INPUT below:
(* Let $R$ be a finite local ring with maximal ideal $M$, and let $\chi,\eta$ be multiplicative characters of $R$. (i) Assume $\eta$ is primitive. If $\chi$ is neither trivial nor primitive, then $J(\chi,\eta)=0$; if $\chi$ is trivial and $R$ is not a field, then $J(\chi,\eta)=0$ as well. (ii) Assume $\chi$ and $\eta$ are primitive. If $R$ is not a field and $\chi\eta$ is neither trivial nor primitive, then $J(\chi,\eta)=0$. (iii) Assume $R$ admits a primitive additive character $\psi$ (with respect to which Gauss sums are taken). If $\chi\eta$ is primitive, then $G(\chi)G(\eta)=J(\chi,\eta)\,G(\chi\eta)$.
   Context: All rings are finite and commutative with identity; $R^\times$ is the unit group. A multiplicative character is a homomorphism $R^\times\to\mathbb{C}^*$; its conductor is $R$ if it is trivial, and otherwise the largest ideal $I\subseteq M$ such that it is identically $1$ on $1+I$; it is primitive if its conductor is $(0)$. An additive character $(R,+)\to\mathbb{C}^*$ is primitive if the only ideal on which it is identically $1$ is $(0)$. Gauss sum $G(\chi)=\sum_{u\in R^\times}\psi(u)\chi(u)$; Jacobi sum $J(\chi,\eta)=\sum_{u,v\in R^\times,\,u+v=1}\chi(u)\eta(v)$. *)

(* Characters take values in algC (algebraic complex numbers);
   every character of a finite group is valued in roots of unity, so this is
   no loss compared with C^*. *)
From HB Require Import structures.
From mathcomp Require Import all_boot all_order all_algebra all_fingroup all_field.
Set Implicit Arguments. Unset Strict Implicit. Unset Printing Implicit Defensive.
Import GRing.Theory Num.Theory.
Local Open Scope ring_scope.
(* Let $\mathbb{G}$ and $\mathbb{H}$ be finite loopless graphs that are not 3-colorable, let $e=\{g,g'\}$ be a critical edge of $\mathbb{G}$ and $f=\{h,h'\}$ a critical edge of $\mathbb{H}$. Let $\mathbb{N}$ be a finite loopless graph with four distinct vertices $x,x',y,y'$ such that $\{x,x'\}$ and $\{y,y'\}$ are non-edges, and with an edge $d$, such that: (N1) every homomorphism $c:\mathbb{N}\to\mathbb{K}_3$ satisfies exactly one of $c(x)\neq c(x')$ and $c(y)\neq c(y')$; (N2) every map $c:\{x,x',y,y'\}\to\mathbb{K}_3$ satisfying exactly one of $c(x)\neq c(x')$, $c(y)\ne c(y')$ extends to a homomorphism $\mathbb{N}\to\mathbb{K}_3$; (N3) every map $c:\{x,x',y,y'\}\to\mathbb{K}_3$ with $c(x)=c(x')$ and $c(y)=c(y')$ extends to a homomorphism $\mathbb{N}-d\to\mathbb{K}_3$. Let $\mathbb{W}=(\mathbb{G},e)\oplus(\mathbb{H},f)$ be the graph obtained from the disjoint union of $\mathbb{G}-e$, $\mathbb{H}-f$ and $\mathbb{N}$ by identifying $g$ with $x$, $g'$ with $x'$, $h$ with $y$, and $h'$ with $y'$. Then: (1) $\mathbb{W}$ is not 3-colorable; (2) $d$ is a critical edge of $\mathbb{W}$; (3) $\Sigma_{\mathbb{W}}$ is implied by $\Sigma_{\mathbb{G}}$ and is implied by $\Sigma_{\mathbb{H}}$.
   Context: A graph is a structure $(V,E)$ with a single symmetric binary relation $E$; $\mathbb{K}_3$ is the complete loopless graph on three vertices and a graph is 3-colorable if it admits a homomorphism to $\mathbb{K}_3$. For an edge $e$ of $\mathbb{M}$, $\mathbb{M}-e$ is the graph obtained by removing $e$; an edge $e$ of $\mathbb{M}$ is critical if $\mathbb{M}-e$ is 3-colorable. A clone on a set is a set of finitary operations containing all projections and closed under composition. A height 1 condition is a finite set of identities $f(x_{\pi(1)},\dots,x_{\pi(n)})\approx g(x_{\rho(1)},\dots,x_{\rho(m)})$ (function symbols, arbitrary maps $\pi,\rho$, universally quantified); a clone satisfies it if its symbols can be assigned functions of the clone of the right arities making all identities true; $\Sigma$ implies $\Sigma'$ if every clone satisfying $\Sigma$ satisfies $\Sigma'$. For a finite graph $\mathbb{G}=(V,E)$, $\Sigma_{\mathbb{G}}$ is the height 1 condition with a ternary symbol $f_v$ for each $v\in V$, a $6$-ary symbol $g_{(u,v)}$ for each $(u,v)\in E$, and, for each $(u,v)\in E$, the identities $f_u(x,y,z)\approx g_{(u,v)}(x,y,x,z,y,z)$ and $f_v(x,y,z)\approx g_{(u,v)}(y,x,z,x,z,y)$. *)

From mathcomp Require Import all_boot.
Set Implicit Arguments. Unset Strict Implicit. Unset Printing Implicit Defensive.

Definition K3 : rel 'I_3 := fun i j => i != j.

Definition is_hom (V W : finType) (E : rel V) (F : rel W) (c : V -> W) : Prop :=
  forall u v, E u v -> F (c u) (c v).

Definition colorable3 (V : finType) (E : rel V) : Prop :=
  exists c : V -> 'I_3, is_hom E K3 c.

Definition remove_edge (V : finType) (E : rel V) (a b : V) : rel V :=
  fun u v => E u v && ~~ (((u == a) && (v == b)) || ((u == b) && (v == a))).

Definition critical_edge (V : finType) (E : rel V) (a b : V) : Prop :=
  E a b /\ colorable3 (remove_edge E a b).

Record clone (A : Type) := Clone {
  cmem : forall n : nat, (('I_n -> A) -> A) -> Prop;
  cproj : forall n (i : 'I_n), cmem (fun x => x i);
  ccomp : forall n m (f : ('I_n -> A) -> A) (gs : 'I_n -> ('I_m -> A) -> A),
      cmem f -> (forall i, cmem (gs i)) -> cmem (fun x => f (fun i => gs i x))
}.

Arguments cmem {A} c n _.
Definition args {A : Type} (n : nat) (s : seq A) (d : A) : 'I_n -> A :=
  fun i => nth d s i.
Arguments args {A} n s d _.

Definition satSigma (V : finType) (E : rel V) (A : Type) (C : clone A) : Prop :=
  exists (f : V -> ('I_3 -> A) -> A) (g : V -> V -> ('I_6 -> A) -> A),
    (forall v, cmem C 3 (f v)) /\
    (forall u v, E u v -> cmem C 6 (g u v)) /\
    (forall u v, E u v -> forall x y z : A,
        f u (args 3 [:: x; y; z] x) = g u v (args 6 [:: x; y; x; z; y; z] x) /\
        f v (args 3 [:: x; y; z] x) = g u v (args 6 [:: y; x; z; x; z; y] x)).

Definition h1_implies (S S' : forall A : Type, clone A -> Prop) : Prop :=
  forall (A : Type) (C : clone A), S A C -> S' A C.

Section Construction.
Variables (VG VH VN : finType) (EG : rel VG) (EH : rel VH) (EN : rel VN).
Variables (g g' : VG) (h h' : VH) (x x' y y' : VN).

Definition Nrest := {v : VN | v \notin [:: x; x'; y; y']}.

Definition Wvert : finType := (VG + VH + Nrest)%type.

Definition iG (u : VG) : Wvert := inl (inl u).
Definition iH (u : VH) : Wvert := inl (inr u).
Definition iN (v : VN) : Wvert :=
  match @insub VN (fun v => v \notin [:: x; x'; y; y']) Nrest v with
  | Some s => inr s
  | None => if v == x then iG g else if v == x' then iG g'
            else if v == y then iH h else iH h'
  end.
End of INPUT.
Each line from the one containing "Variables (g g'" through the end of the listing above should be copied exactly, with no other line included.

Variables (g g' : VG) (h h' : VH) (x x' y y' : VN).

Definition Nrest := {v : VN | v \notin [:: x; x'; y; y']}.

Definition Wvert : finType := (VG + VH + Nrest)%type.

Definition iG (u : VG) : Wvert := inl (inl u).
Definition iH (u : VH) : Wvert := inl (inr u).
Definition iN (v : VN) : Wvert :=
  match @insub VN (fun v => v \notin [:: x; x'; y; y']) Nrest v with
  | Some s => inr s
  | None => if v == x then iG g else if v == x' then iG g'
            else if v == y then iH h else iH h'
  end.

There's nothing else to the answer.